The getc functionEdit

#include <stdio.h>
int getc(FILE *stream);

The getc function is equivalent to fgetc, except that it may be implemented as a macro. If it is implemented as a macro, the stream argument may be evaluated more than once, so the argument should never be an expression with side effects (i.e. have an assignment, increment, or decrement operators, or be a function call).

The getc function returns the next character from the input stream pointed to by stream. If the stream is at end-of-file, the end-of-file indicator for the stream is set and getc returns EOF (EOF is a negative value defined in <stdio.h>, usually (-1)). If a read error occurs, the error indicator for the stream is set and getc returns EOF.

The getchar functionEdit

#include <stdio.h>
int getchar(void);

The getchar function is equivalent to getc with the argument stdin.

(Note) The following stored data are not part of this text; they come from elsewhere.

Lemma exists_monotonic_pbalance_root p : 1 < p ->
  exists c, monotonic c /\ forall z, in_box z -> pbalance p (fun i => hf i z) (c z) = 0.
Proof.
move=> p_gt1.
have root z : exists c, in_box z -> 0 <= c <= 10 /\ pbalance p (fun i => hf i z) c = 0.
  have [zb|zNb] := pselect (in_box z); last by exists 0.
  have [c c_in c_root] := exists_pbalance_root p_gt1 i0 (fun i => (hf_mono i).1 z zb).
  by exists c.
have [c c_spec] := choice root.
exists c; split=> [|z zb]; last by case: (c_spec z zb).
split=> [z zb|z z' zb z'b zz']; first by case: (c_spec z zb).
rewrite leNgt; apply/negP => c_lt.
have hf_le : pbalance p (fun i => hf i z) (c z') <= pbalance p (fun i => hf i z') (c z').
  by apply: (ler_pbalance p_gt1) => i; exact: (hf_mono i).2.
have := lt_le_trans (pbalance_decr p_gt1 i0 _ c_lt) hf_le.
by rewrite (c_spec z zb).2 (c_spec z' z'b).2 ltxx.
Qed.

Lemma erm_pbalance_root p : 1 < p -> erm_optimal p p ->
  forall a, pbalance p (fun i => y i a) (hh (xo a)) = 0.
Proof.
move=> p_gt1 opt a; have p_gt0 := lt_trans ltr01 p_gt1.
have [c [c_mono c_root]] := exists_monotonic_pbalance_root p_gt1.
have col_root b : pbalance p (fun i => y i b) (c (xo b)) = 0.
  by rewrite -(c_root _ (xo_box b)); congr pbalance; apply/funext => i; exact: y_hf.
have col_min b : ploss p (fun i => y i b) (c (xo b)) <= ploss p (fun i => y i b) (hh (xo b)).
  exact: (ploss_min p_gt1 (hh (xo b)) (col_root b)).
have sum_le : \sum_b ploss p (fun i => y i b) (hh (xo b)) <=
              \sum_b ploss p (fun i => y i b) (c (xo b)).
  by have := opt c c_mono; rewrite ler_Lpp_bcast.
have col_eq := ler_sum_eq col_min sum_le a.
have -> : hh (xo a) = c (xo a).
  by apply: (ploss_min_unique p_gt1 i0 (col_root a)); rewrite col_eq.
exact: col_root.
Qed.

End ObjectiveERM.

Theorem theorem3p1 (R : realType) (n m d : nat) (p q : R)
    (x : 'I_n -> 'I_m -> 'I_d -> R) (y : 'I_n -> 'I_m -> R)
    (yhat : 'I_n -> 'I_m -> R) (s : 'I_m -> R) :
  (0 < n)%N -> (0 < d)%N -> 1 < p -> 1 < q ->
  admissible x y -> objectivity x ->
  ERM_output p q x y yhat -> Agg_output p q yhat s ->
  consensus y s /\ (p = q -> consistency y s).
Proof.
move=> n_gt0 _ p_gt1 q_gt1 [x_box [hf [hf_mono y_hf]]] obj [[hh [hh_mono ->]] [opt _]] agg.
have [p_gt0 q_gt0] := (lt_trans ltr01 p_gt1, lt_trans ltr01 q_gt1).
set i0 := Ordinal n_gt0; set xo := fun a => x i0 a.
have xo_box a : in_box (xo a) := x_box i0 a.
have values_xo h : values x h = bcast (fun a => h (xo a)) := values_objective h i0 obj.
have {}y_hf i a : y i a = hf i (xo a) by rewrite y_hf (obj i i0).
have {}opt : erm_optimal xo y hh p q by move=> h /opt; rewrite !values_xo.
rewrite values_xo in agg; have -> := Agg_output_bcast n_gt0 p_gt0 q_gt0 agg.
split=> [a y0|pq].
  exact: (erm_consensus n_gt0 xo_box hf_mono y_hf hh_mono p_gt0 q_gt0 opt).
subst q; apply: (pbalance_root_consistency i0 p_gt1) => a.
exact: (erm_pbalance_root n_gt0 xo_box hf_mono y_hf p_gt1 opt).
Qed.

The getchar function returns the next character from the input stream pointed to by stdin. If stdin is at end-of-file, the end-of-file indicator for stdin is set and getchar returns EOF (EOF is a negative value defined in <stdio.h>, usually (-1)). If a read error occurs, the error indicator for stdin is set and getchar returns EOF.

The gets functionEdit

#include <stdio.h>
char *gets(char *s);

The gets function reads characters from the input stream pointed to by stdin into the array pointed to by s until an end-of-file is encountered or a new-line character is read. Any new-line character is discarded, and a null character is written immediately after the last character read into the array.

The gets function returns s if successful. If the end-of-file is encountered and no characters have been read into the array, the contents of the array remain unchanged and a null pointer is returned. If a read error occurs during the operation, the array contents are indeterminate and a null pointer is returned.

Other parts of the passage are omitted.